* Exercise aim:
Your answer should be the lines below from the one with "G11 is nondegenerate" to the one with "Lemma ctrmx0 m", both included, given again exactly and with nothing added.

(Records from a data source)
=== Section Start ===

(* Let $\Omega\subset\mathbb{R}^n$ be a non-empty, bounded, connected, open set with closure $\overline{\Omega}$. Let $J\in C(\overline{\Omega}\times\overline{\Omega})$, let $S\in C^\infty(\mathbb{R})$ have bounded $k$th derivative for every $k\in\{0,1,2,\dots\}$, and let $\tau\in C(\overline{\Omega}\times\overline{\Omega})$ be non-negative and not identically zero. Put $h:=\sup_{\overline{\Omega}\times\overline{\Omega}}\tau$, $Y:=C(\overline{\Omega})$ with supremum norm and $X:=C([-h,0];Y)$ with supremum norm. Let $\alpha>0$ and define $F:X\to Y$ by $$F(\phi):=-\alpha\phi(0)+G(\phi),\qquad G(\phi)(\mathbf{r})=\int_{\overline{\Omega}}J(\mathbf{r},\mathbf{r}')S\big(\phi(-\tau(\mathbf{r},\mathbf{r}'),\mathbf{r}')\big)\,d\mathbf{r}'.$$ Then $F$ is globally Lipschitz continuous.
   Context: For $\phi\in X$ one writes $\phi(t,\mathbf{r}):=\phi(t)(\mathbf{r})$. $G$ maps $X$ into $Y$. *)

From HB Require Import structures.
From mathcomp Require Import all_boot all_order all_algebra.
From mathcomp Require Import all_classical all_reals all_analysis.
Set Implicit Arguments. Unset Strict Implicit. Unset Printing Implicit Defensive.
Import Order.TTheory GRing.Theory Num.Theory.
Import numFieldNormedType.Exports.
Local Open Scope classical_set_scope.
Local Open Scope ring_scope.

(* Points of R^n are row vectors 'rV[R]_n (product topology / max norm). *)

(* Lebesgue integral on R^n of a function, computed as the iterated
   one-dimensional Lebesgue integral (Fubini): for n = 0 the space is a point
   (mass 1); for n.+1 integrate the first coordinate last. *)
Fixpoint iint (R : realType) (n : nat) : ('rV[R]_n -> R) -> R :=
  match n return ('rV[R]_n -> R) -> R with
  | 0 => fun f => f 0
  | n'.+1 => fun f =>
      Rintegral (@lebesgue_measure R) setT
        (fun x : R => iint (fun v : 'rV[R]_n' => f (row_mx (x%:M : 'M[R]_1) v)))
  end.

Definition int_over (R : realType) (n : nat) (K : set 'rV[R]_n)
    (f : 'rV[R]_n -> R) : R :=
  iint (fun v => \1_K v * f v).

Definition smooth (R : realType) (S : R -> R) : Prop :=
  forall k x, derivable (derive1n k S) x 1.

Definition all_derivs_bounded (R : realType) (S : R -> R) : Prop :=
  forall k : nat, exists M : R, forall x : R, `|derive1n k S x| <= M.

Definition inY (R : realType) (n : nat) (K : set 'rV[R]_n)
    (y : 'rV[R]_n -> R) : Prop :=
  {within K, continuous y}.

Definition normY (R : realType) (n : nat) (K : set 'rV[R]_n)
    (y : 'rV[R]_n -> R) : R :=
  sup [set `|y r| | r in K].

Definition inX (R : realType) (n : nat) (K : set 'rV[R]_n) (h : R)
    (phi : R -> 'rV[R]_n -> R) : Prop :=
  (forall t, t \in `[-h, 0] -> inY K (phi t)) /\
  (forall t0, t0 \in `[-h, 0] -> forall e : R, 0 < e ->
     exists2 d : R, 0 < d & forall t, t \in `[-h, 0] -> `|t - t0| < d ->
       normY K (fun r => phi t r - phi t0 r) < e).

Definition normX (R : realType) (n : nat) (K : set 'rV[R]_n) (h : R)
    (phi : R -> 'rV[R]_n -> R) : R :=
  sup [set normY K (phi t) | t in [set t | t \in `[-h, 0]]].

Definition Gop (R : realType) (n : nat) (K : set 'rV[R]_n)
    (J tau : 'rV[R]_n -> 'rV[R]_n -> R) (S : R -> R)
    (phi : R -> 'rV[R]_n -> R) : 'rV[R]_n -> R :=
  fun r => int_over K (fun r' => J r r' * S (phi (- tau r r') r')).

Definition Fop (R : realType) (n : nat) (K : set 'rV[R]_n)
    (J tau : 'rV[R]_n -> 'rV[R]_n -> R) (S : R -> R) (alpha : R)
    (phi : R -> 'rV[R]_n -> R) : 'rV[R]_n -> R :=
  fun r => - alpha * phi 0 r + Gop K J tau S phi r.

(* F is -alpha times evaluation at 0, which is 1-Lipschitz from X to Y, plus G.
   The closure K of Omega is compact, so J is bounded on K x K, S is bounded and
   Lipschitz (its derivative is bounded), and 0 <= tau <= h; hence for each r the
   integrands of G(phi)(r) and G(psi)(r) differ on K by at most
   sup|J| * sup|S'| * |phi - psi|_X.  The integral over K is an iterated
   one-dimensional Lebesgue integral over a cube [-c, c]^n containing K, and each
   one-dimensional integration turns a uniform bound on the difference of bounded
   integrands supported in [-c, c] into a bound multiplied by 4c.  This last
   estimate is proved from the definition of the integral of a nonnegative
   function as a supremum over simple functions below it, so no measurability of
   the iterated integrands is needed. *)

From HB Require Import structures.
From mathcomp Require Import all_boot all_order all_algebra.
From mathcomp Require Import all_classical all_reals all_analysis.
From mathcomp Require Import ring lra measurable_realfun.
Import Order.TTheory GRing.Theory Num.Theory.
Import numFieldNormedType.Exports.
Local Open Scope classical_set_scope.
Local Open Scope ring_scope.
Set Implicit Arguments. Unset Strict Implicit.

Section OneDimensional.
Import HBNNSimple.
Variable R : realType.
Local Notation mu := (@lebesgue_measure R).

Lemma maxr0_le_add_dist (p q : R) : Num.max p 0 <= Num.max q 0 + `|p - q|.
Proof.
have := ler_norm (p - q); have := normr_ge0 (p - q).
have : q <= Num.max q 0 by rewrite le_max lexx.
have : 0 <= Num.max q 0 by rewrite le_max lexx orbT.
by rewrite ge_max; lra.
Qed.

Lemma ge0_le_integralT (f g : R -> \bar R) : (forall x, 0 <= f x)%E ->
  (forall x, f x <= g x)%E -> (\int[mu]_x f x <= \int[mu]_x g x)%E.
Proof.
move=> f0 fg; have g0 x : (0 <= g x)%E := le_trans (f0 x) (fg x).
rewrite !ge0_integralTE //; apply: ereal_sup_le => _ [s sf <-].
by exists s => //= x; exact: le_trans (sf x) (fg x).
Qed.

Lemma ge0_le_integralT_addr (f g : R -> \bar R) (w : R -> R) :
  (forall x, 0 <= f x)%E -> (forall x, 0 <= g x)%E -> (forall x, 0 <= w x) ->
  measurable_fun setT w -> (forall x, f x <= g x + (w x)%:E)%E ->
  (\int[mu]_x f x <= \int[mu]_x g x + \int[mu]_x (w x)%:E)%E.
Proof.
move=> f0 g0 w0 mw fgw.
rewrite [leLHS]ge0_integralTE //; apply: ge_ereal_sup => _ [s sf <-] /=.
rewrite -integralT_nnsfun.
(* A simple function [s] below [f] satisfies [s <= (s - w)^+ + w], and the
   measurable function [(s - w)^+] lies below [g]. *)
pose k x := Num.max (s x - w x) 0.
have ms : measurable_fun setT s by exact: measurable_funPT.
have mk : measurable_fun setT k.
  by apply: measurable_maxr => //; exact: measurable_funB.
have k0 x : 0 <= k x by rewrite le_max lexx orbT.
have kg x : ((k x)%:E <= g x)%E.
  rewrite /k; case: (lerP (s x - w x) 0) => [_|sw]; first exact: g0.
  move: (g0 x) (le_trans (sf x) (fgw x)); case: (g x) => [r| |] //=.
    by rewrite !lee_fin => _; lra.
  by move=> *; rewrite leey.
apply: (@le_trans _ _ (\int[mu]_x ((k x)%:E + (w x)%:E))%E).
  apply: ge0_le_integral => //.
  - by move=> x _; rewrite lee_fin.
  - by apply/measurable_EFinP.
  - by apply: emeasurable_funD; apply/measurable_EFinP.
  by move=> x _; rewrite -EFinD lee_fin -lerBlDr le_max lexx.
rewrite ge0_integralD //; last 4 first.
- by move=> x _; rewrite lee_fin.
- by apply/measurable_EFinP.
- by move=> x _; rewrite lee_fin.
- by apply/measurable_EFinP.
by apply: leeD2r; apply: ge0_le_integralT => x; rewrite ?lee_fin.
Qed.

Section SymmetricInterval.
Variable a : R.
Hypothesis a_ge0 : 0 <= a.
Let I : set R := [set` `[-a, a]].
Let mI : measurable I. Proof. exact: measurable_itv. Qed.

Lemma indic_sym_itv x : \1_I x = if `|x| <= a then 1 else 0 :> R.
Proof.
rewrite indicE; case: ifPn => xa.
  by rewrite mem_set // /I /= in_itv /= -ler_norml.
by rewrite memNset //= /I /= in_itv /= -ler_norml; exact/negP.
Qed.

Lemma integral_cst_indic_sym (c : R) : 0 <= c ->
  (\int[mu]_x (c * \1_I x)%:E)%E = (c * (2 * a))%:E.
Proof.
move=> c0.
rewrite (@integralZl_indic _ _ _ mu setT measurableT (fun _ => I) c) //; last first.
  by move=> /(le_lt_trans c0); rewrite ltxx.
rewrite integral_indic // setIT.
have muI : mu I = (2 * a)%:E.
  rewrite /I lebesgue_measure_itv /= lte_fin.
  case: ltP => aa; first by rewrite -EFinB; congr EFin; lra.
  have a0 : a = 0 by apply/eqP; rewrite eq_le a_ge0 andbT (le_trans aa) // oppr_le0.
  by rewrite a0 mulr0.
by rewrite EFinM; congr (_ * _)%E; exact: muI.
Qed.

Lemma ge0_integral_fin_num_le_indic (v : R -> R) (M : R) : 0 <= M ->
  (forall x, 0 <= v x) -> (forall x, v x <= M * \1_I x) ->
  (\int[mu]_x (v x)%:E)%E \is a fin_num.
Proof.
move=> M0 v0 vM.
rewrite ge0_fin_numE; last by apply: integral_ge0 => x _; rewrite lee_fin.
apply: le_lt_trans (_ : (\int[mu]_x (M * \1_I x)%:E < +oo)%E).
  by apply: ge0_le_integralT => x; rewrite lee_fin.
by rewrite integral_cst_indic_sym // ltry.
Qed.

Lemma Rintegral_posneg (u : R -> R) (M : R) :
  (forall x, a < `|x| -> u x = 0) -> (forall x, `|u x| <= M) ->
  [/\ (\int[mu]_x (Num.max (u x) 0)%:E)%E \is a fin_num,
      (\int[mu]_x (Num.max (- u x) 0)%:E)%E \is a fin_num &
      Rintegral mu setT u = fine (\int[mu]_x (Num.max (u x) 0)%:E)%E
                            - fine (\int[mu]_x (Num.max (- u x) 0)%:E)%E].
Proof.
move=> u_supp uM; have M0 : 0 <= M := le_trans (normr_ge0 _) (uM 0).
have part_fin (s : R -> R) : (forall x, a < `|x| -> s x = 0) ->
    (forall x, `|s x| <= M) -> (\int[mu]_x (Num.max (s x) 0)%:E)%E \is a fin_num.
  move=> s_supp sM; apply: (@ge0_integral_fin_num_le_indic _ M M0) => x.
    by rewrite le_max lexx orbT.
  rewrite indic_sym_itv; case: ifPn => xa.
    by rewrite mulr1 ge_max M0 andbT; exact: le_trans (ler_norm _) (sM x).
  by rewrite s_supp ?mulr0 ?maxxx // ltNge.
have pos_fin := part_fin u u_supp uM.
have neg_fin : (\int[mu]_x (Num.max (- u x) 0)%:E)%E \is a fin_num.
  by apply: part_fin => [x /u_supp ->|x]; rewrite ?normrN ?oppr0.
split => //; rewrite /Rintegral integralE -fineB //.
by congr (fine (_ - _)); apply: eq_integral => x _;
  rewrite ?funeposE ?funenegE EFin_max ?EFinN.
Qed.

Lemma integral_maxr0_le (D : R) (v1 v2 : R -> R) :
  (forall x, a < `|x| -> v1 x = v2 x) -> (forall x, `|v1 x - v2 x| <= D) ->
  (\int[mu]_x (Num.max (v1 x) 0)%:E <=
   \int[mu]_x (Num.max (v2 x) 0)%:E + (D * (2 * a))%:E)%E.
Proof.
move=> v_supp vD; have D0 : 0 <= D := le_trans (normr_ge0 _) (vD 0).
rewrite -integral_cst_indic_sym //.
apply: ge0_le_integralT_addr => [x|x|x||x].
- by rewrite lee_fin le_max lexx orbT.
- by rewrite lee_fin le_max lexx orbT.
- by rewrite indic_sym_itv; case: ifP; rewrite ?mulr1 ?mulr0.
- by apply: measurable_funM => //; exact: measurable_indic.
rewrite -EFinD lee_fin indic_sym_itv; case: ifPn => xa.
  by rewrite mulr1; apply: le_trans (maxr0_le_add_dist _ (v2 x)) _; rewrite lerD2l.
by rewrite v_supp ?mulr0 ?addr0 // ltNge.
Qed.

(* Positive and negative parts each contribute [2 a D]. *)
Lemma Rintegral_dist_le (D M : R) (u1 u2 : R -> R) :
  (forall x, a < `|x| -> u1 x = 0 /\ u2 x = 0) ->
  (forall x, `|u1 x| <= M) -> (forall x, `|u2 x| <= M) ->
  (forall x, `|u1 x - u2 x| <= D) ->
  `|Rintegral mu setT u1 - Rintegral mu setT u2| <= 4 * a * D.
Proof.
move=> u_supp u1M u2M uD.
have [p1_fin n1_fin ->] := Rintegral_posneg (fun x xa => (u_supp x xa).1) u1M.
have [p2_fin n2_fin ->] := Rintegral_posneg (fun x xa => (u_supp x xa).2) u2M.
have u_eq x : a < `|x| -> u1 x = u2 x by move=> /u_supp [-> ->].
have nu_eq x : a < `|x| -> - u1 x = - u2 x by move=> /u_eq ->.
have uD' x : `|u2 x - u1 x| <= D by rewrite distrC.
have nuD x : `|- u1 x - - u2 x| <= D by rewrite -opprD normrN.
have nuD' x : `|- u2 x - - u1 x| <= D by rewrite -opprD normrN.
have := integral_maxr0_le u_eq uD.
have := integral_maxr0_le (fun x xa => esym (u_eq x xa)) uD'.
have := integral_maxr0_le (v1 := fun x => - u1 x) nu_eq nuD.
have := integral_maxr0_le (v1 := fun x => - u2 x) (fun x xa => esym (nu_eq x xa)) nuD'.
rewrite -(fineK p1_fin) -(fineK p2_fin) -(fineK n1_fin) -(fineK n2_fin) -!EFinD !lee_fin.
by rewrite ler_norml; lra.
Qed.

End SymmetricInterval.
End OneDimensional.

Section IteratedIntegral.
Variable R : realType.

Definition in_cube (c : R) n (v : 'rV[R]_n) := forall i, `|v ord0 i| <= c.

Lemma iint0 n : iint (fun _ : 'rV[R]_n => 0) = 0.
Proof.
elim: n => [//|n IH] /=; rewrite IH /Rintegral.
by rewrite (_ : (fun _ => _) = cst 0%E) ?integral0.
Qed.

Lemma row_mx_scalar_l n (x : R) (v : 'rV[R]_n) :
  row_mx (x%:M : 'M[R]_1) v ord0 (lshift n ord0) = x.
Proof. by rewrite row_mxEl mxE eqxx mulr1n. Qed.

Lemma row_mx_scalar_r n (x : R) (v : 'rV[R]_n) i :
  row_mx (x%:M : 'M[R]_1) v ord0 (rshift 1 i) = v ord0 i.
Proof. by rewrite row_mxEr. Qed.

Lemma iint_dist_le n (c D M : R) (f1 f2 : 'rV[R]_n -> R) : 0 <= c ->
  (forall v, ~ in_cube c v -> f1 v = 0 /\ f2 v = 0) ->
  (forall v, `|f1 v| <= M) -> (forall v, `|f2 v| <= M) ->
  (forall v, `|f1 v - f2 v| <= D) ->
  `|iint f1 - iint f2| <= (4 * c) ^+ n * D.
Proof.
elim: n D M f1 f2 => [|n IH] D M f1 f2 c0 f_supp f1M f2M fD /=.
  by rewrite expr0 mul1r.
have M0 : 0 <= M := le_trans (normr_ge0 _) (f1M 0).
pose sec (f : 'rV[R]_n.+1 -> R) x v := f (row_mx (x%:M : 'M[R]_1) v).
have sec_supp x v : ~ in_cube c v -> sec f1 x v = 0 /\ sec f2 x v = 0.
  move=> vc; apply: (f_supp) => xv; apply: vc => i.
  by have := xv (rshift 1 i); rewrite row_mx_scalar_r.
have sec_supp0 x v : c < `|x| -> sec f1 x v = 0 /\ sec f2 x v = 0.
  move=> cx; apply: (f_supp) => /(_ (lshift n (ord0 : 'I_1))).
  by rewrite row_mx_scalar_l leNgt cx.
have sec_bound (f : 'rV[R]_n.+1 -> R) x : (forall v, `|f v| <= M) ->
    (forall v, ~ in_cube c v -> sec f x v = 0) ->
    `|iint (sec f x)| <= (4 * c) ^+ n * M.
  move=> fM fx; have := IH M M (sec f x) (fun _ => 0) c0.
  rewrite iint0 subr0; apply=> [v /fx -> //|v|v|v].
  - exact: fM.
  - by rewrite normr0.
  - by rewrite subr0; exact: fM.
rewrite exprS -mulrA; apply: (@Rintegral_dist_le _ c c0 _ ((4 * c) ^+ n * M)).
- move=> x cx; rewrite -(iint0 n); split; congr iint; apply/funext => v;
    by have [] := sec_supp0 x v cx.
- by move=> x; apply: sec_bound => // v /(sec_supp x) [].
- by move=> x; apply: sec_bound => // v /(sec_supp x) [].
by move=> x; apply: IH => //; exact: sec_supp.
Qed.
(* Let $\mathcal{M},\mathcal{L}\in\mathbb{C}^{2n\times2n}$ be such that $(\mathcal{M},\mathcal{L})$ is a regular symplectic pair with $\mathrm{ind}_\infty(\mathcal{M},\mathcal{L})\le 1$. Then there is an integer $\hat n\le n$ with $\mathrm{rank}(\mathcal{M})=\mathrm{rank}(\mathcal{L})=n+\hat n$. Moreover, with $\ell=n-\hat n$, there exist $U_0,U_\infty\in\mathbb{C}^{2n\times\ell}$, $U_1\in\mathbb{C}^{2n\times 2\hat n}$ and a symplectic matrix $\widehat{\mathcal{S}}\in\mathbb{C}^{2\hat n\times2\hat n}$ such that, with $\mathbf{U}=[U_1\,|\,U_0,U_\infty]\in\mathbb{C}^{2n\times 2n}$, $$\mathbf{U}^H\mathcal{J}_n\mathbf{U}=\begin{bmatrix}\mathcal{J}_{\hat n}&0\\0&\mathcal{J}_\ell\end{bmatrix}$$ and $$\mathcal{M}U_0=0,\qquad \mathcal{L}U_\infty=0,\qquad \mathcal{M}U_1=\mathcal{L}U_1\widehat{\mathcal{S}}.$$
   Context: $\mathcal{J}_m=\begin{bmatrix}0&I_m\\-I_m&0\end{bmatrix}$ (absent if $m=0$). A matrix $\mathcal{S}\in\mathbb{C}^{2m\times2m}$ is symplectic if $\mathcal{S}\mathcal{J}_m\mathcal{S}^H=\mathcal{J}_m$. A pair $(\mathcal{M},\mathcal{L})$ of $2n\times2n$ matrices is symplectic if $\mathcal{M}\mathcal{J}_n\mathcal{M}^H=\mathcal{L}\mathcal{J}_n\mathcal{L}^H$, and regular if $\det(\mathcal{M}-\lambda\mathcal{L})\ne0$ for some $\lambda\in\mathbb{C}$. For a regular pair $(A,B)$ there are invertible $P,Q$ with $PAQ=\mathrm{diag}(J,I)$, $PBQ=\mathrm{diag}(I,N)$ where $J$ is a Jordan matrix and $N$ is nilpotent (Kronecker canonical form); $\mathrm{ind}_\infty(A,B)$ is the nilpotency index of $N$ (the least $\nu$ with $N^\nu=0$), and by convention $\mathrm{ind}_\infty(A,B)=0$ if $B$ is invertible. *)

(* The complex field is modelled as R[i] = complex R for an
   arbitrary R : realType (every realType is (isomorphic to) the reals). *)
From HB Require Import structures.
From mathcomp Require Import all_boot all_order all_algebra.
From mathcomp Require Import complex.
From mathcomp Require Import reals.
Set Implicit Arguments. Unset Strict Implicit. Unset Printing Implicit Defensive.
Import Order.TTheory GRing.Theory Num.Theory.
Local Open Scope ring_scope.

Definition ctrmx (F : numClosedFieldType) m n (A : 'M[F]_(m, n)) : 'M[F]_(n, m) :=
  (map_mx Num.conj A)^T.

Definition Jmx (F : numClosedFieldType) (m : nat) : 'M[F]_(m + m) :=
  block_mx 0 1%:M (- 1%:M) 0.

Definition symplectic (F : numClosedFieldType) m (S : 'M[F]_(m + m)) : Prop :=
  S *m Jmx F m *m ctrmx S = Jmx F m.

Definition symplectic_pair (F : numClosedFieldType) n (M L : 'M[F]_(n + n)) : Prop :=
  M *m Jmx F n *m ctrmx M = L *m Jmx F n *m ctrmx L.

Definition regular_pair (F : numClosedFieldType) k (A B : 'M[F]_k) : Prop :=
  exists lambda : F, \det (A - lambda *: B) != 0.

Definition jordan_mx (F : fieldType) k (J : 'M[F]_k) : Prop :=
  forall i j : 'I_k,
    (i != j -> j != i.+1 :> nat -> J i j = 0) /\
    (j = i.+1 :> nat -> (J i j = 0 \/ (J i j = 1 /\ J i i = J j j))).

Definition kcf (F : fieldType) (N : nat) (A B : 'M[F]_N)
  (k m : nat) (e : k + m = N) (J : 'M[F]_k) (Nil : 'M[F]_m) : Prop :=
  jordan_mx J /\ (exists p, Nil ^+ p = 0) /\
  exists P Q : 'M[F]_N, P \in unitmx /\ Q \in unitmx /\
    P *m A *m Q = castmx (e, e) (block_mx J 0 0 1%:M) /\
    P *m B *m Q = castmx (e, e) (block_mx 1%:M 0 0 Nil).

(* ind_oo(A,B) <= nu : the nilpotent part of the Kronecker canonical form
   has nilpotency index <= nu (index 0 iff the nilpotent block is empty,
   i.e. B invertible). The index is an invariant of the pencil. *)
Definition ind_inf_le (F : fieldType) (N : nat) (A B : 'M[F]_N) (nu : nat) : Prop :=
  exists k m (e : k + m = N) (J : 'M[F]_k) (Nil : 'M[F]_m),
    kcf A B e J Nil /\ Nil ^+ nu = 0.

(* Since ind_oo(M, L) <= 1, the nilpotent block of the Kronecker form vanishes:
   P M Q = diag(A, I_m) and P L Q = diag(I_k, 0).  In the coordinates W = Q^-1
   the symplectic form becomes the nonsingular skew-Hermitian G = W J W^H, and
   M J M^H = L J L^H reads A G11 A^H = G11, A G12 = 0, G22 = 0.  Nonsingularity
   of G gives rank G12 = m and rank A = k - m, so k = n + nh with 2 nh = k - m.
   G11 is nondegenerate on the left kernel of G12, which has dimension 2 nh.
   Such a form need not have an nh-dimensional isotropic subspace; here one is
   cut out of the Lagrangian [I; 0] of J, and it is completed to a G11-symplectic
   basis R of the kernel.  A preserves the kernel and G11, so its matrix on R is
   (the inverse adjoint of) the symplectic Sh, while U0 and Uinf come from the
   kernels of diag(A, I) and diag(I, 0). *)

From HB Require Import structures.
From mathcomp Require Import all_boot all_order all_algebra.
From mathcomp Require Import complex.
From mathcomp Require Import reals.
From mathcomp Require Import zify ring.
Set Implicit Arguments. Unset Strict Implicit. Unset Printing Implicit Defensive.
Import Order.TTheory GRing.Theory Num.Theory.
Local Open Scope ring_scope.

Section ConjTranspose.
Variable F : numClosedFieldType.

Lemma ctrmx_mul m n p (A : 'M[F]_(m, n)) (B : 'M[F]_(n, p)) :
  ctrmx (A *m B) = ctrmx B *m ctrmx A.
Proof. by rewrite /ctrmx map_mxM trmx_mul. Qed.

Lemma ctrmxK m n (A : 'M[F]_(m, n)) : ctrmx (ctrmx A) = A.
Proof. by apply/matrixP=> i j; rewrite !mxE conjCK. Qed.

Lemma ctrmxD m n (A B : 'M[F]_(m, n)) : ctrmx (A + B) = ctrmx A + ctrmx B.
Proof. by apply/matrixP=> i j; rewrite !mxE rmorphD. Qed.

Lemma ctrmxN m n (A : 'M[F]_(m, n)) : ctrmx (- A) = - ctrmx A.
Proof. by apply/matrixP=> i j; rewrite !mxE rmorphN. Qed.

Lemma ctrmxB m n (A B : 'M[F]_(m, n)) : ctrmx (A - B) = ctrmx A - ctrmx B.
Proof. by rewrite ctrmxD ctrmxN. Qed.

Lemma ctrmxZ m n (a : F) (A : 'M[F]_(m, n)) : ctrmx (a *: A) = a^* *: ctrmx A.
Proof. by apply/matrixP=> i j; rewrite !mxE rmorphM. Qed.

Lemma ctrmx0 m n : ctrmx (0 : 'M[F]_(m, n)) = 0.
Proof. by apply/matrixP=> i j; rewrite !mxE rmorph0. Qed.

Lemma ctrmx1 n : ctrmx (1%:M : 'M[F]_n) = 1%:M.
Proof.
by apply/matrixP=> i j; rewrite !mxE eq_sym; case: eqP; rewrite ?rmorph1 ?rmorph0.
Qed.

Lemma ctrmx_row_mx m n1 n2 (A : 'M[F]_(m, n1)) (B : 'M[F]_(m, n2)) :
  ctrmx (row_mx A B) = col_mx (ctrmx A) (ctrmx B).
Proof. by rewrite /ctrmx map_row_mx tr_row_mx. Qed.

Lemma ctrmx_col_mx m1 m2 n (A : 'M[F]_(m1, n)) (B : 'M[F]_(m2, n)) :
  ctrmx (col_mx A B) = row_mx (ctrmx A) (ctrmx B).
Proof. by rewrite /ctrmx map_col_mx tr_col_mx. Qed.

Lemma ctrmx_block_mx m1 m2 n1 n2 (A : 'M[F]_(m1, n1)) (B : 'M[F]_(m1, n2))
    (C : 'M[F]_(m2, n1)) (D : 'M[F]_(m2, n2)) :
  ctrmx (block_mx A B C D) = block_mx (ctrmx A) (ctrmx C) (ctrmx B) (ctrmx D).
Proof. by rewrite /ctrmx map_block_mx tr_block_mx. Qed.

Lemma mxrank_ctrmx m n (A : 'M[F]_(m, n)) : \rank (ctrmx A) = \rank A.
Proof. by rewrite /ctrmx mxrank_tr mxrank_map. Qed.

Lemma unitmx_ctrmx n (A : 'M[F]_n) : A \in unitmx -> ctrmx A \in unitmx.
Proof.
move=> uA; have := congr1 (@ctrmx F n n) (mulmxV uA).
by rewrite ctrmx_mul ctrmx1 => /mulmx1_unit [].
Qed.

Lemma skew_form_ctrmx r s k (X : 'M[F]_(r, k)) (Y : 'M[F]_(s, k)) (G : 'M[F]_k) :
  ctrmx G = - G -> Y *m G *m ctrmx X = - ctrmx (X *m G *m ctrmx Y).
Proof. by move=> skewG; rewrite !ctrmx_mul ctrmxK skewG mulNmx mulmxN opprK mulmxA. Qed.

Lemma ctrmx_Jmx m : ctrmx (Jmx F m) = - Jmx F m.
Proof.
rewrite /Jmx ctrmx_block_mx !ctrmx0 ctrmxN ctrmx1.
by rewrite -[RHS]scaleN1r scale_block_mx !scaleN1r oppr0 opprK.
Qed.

=== Section End ===

* Answer to the problem:
   G11 is nondegenerate on the left kernel of G12, which has dimension 2 nh.
   Such a form need not have an nh-dimensional isotropic subspace; here one is
   cut out of the Lagrangian [I; 0] of J, and it is completed to a G11-symplectic
   basis R of the kernel.  A preserves the kernel and G11, so its matrix on R is
   (the inverse adjoint of) the symplectic Sh, while U0 and Uinf come from the
   kernels of diag(A, I) and diag(I, 0). *)

From HB Require Import structures.
From mathcomp Require Import all_boot all_order all_algebra.
From mathcomp Require Import complex.
From mathcomp Require Import reals.
From mathcomp Require Import zify ring.
Set Implicit Arguments. Unset Strict Implicit. Unset Printing Implicit Defensive.
Import Order.TTheory GRing.Theory Num.Theory.
Local Open Scope ring_scope.

Section ConjTranspose.
Variable F : numClosedFieldType.

Lemma ctrmx_mul m n p (A : 'M[F]_(m, n)) (B : 'M[F]_(n, p)) :
  ctrmx (A *m B) = ctrmx B *m ctrmx A.
Proof. by rewrite /ctrmx map_mxM trmx_mul. Qed.

Lemma ctrmxK m n (A : 'M[F]_(m, n)) : ctrmx (ctrmx A) = A.
Proof. by apply/matrixP=> i j; rewrite !mxE conjCK. Qed.

Lemma ctrmxD m n (A B : 'M[F]_(m, n)) : ctrmx (A + B) = ctrmx A + ctrmx B.
Proof. by apply/matrixP=> i j; rewrite !mxE rmorphD. Qed.

Lemma ctrmxN m n (A : 'M[F]_(m, n)) : ctrmx (- A) = - ctrmx A.
Proof. by apply/matrixP=> i j; rewrite !mxE rmorphN. Qed.

Lemma ctrmxB m n (A B : 'M[F]_(m, n)) : ctrmx (A - B) = ctrmx A - ctrmx B.
Proof. by rewrite ctrmxD ctrmxN. Qed.

Lemma ctrmxZ m n (a : F) (A : 'M[F]_(m, n)) : ctrmx (a *: A) = a^* *: ctrmx A.
Proof. by apply/matrixP=> i j; rewrite !mxE rmorphM. Qed.

Lemma ctrmx0 m n : ctrmx (0 : 'M[F]_(m, n)) = 0.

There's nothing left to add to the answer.